(* Let $n \ge 1$ and let $m$ be an even positive integer such that $\Delta_{n,m} \neq \emptyset$, i.e. there exists a positive semidefinite form in $n$ real variables of degree $m$ that is not a sum of squares of forms. Then there does not exist a non-zero form $h \in H_d(\mathbb{R}^n)$ (for any $d$) such that $hp$ is a sum of squares for every $p \in P_{n,m}$.
   Context: $H_d(\mathbb{R}^n)$ denotes the real vector space of real homogeneous forms of degree $d$ in $n$ variables $x_1,\dots,x_n$. For even $m$, $P_{n,m}$ is the set of forms $p \in H_m(\mathbb{R}^n)$ that are positive semidefinite (psd), i.e. $p(x) \ge 0$ for all $x \in \mathbb{R}^n$. A form is a sum of squares (sos) if it can be written as $\sum_k h_k^2$ with each $h_k$ a real polynomial. $\Sigma_{n,m} \subseteq P_{n,m}$ is the set of sos forms in $H_m(\mathbb{R}^n)$, and $\Delta_{n,m} = P_{n,m} \setminus \Sigma_{n,m}$. *)

From HB Require Import structures.
From mathcomp Require Import all_boot all_order all_algebra.
From mathcomp Require Import reals.
From mathcomp Require Import mpoly.
Set Implicit Arguments. Unset Strict Implicit. Unset Printing Implicit Defensive.
Import Order.TTheory GRing.Theory Num.Theory.
Local Open Scope ring_scope.

(* Real forms in n variables x_0..x_{n-1}: elements of {mpoly R[n]}, with
   R : realType (the real numbers); p is a form of degree d iff p \is d.-homog
   (total degree, mdeg).  The zero polynomial is a form of every degree. *)

Definition psd (R : realType) (n : nat) (p : {mpoly R[n]}) : Prop :=
  forall x : 'I_n -> R, 0 <= p.@[x].

Definition sos (R : realType) (n : nat) (p : {mpoly R[n]}) : Prop :=
  exists s : seq {mpoly R[n]}, p = \sum_(h <- s) h ^+ 2.

Definition in_P (R : realType) (n m : nat) (p : {mpoly R[n]}) : Prop :=
  p \is m.-homog /\ psd p.

Definition in_Delta (R : realType) (n m : nat) (p : {mpoly R[n]}) : Prop :=
  in_P m p /\ ~ sos p.

From HB Require Import structures.
From mathcomp Require Import all_boot all_order all_algebra.
From mathcomp Require Import reals.
From mathcomp Require Import mpoly.
From mathcomp Require Import classical_sets boolp topology normedtype derive.
Set Implicit Arguments. Unset Strict Implicit. Unset Printing Implicit Defensive.
Import Order.TTheory GRing.Theory Num.Theory.
Import numFieldNormedType.Exports.
Local Open Scope ring_scope.

(* Call h a multiplier if h p is a sum of squares for every p in P_{n,m}.
   Diagonal substitutions x_i -> t x_i preserve P_{n,m}, hence multipliers, and
   multipliers of bounded degree form a closed set: the cone of sums of squares of
   bounded degree is closed, since by Caratheodory a bounded number of squares
   suffices and the map from their coefficients to the sum of their squares is
   quadratic, continuous and vanishes only at 0, hence proper.  Letting t -> 0 in
   t^-a h(.., t x_i, ..) shows that the part of h of lowest degree in x_i is again a
   multiplier, so some monomial c x^a is one, and testing it on x_1^m gives c > 0.
   If every a_i is even, c x^a p can only be a sum of squares if p is one: if
   x_i^2 q = sum f_j^2, setting x_i = 0 shows that x_i divides every f_j, so
   q = sum (f_j / x_i)^2.  If some a_i is odd, the substitution x_i -> -x_i shows that -c x^a p is
   a sum of squares as well, which forces p = 0.  Either way Delta_{n,m} is empty. *)

Section Coefficients.
Variables (R : comNzRingType) (n : nat).
Implicit Types (p q : {mpoly R[n]}).

Lemma mcoeff_sum (I : Type) (r : seq I) (P : pred I) (F : I -> {mpoly R[n]}) k :
  (\sum_(i <- r | P i) F i)@_k = \sum_(i <- r | P i) (F i)@_k.
Proof. exact: raddf_sum. Qed.

Lemma mpolyX_neq0 (m : 'X_{1..n}) : 'X_[m] != 0 :> {mpoly R[n]}.
Proof.
by apply/eqP => /(congr1 (mcoeff m)); rewrite mcoeffX eqxx mcoeff0; apply/eqP/oner_neq0.
Qed.

Lemma msize_le_msupp p q : {subset msupp p <= msupp q} -> (msize p <= msize q)%N.
Proof.
move=> supp_pq; rewrite [msize p]msizeE; apply/bigmax_leqP_seq => m m_supp _.
exact/msize_mdeg_lt/supp_pq.
Qed.

Lemma mpolyE_monomial p :
  (forall i, exists a, forall m, m \in msupp p -> m i = a) -> p = p@_(mlead p) *: 'X_[mlead p].
Proof.
move=> exps_const; have [-> | p_neq0] := eqVneq p 0; first by rewrite mcoeff0 scale0r.
have supp_lead m : m \in msupp p -> m = mlead p.
  move=> m_supp; apply/mnmP => i; have [a exp_a] := exps_const i.
  by rewrite (exp_a _ m_supp) (exp_a _ (mlead_supp p_neq0)).
apply/mpolyP => m; rewrite mcoeffZ mcoeffX.
have [<- | m_neq] := eqVneq (mlead p) m; first by rewrite mulr1.
by rewrite mulr0 memN_msupp_eq0 //; apply: contra m_neq => /supp_lead ->.
Qed.

Lemma mcoeff_msupp_sumZ p (d : 'X_{1..n} -> R) k :
  (\sum_(m <- msupp p) (p@_m * d m) *: 'X_[m])@_k = p@_k * d k.
Proof.
rewrite mcoeff_sum [in RHS](mpolyE p) mcoeff_sum big_distrl /=.
apply: eq_bigr => m _; rewrite !mcoeffZ mcoeffX.
by case: eqP => [-> | _]; rewrite ?mulr1 ?mulr0 ?mul0r.
Qed.

Definition mpart (P : pred 'X_{1..n}) p :=
  \sum_(m <- msupp p) (p@_m * (P m)%:R) *: 'X_[m].

Lemma mcoeff_mpart P p k : (mpart P p)@_k = p@_k * (P k)%:R.
Proof. exact: mcoeff_msupp_sumZ. Qed.

(* [m - U_(i)] is truncated, so this is p / x_i only if x_i divides p. *)
Definition mdivX (i : 'I_n) p := \sum_(m <- msupp p) p@_m *: 'X_[m - U_(i)].

Lemma mulX_mdivX i p :
  (forall m, m \in msupp p -> m i != 0%N) -> 'X_i * mdivX i p = p.
Proof.
move=> p_div; rewrite /mdivX mulr_sumr [RHS]mpolyE !big_seq; apply: eq_bigr => m m_supp.
by rewrite -scalerAr -mpolyXD addmC submK // lep1mP p_div.
Qed.

End Coefficients.

Lemma norm_mcoeff_le_sum (R : numDomainType) n (p : {mpoly R[n]}) k :
  `|p@_k| <= \sum_(m <- msupp p) `|p@_m|.
Proof.
have [k_supp | /memN_msupp_eq0 ->] := boolP (k \in msupp p); last by rewrite normr0 sumr_ge0.
by rewrite (big_rem k k_supp) /= lerDl sumr_ge0.
Qed.

Section SumsOfSquaresCoefficients.
Variables (R : realDomainType) (n : nat).
Implicit Types (s : seq {mpoly R[n]}).

Lemma exists_mlead_max s : has (fun h => h != 0) s ->
  exists2 h0, h0 \in s & h0 != 0 /\
    forall h, h \in s -> h != 0 -> (mlead h <= mlead h0)%O.
Proof.
case/hasP=> h hs h_neq0.
pose nz (i : 'I_(size s)) := s`_i != 0.
have idx h' : h' \in s -> (index h' s < size s)%N by rewrite index_mem.
have [i0 i0_nz maxE] : {i0 | nz i0 &
    \big[Order.max/0%MM]_(i | nz i) mlead s`_i = mlead s`_i0}.
  by apply: (eq_bigmax (Ordinal (idx h hs))) => [|i _]; rewrite ?le0m // /nz /= nth_index.
exists s`_i0; first exact: mem_nth.
split=> // h' h's h'_neq0; rewrite -maxE -(nth_index 0 h's).
apply: (@le_bigmax_cond _ _ _ 0%MM (Ordinal (idx h' h's)) nz (fun i => mlead s`_i)).
by rewrite /nz /= nth_index.
Qed.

——

### Problem details:
Return the lines exactly as they stand, please. Start at the top of the material and finish with the line where "(* Real forms" appears.

### Solved exercise:
(* Let $n \ge 1$ and let $m$ be an even positive integer such that $\Delta_{n,m} \neq \emptyset$, i.e. there exists a positive semidefinite form in $n$ real variables of degree $m$ that is not a sum of squares of forms. Then there does not exist a non-zero form $h \in H_d(\mathbb{R}^n)$ (for any $d$) such that $hp$ is a sum of squares for every $p \in P_{n,m}$.
   Context: $H_d(\mathbb{R}^n)$ denotes the real vector space of real homogeneous forms of degree $d$ in $n$ variables $x_1,\dots,x_n$. For even $m$, $P_{n,m}$ is the set of forms $p \in H_m(\mathbb{R}^n)$ that are positive semidefinite (psd), i.e. $p(x) \ge 0$ for all $x \in \mathbb{R}^n$. A form is a sum of squares (sos) if it can be written as $\sum_k h_k^2$ with each $h_k$ a real polynomial. $\Sigma_{n,m} \subseteq P_{n,m}$ is the set of sos forms in $H_m(\mathbb{R}^n)$, and $\Delta_{n,m} = P_{n,m} \setminus \Sigma_{n,m}$. *)

From HB Require Import structures.
From mathcomp Require Import all_boot all_order all_algebra.
From mathcomp Require Import reals.
From mathcomp Require Import mpoly.
Set Implicit Arguments. Unset Strict Implicit. Unset Printing Implicit Defensive.
Import Order.TTheory GRing.Theory Num.Theory.
Local Open Scope ring_scope.

(* Real forms in n variables x_0..x_{n-1}: elements of {mpoly R[n]}, with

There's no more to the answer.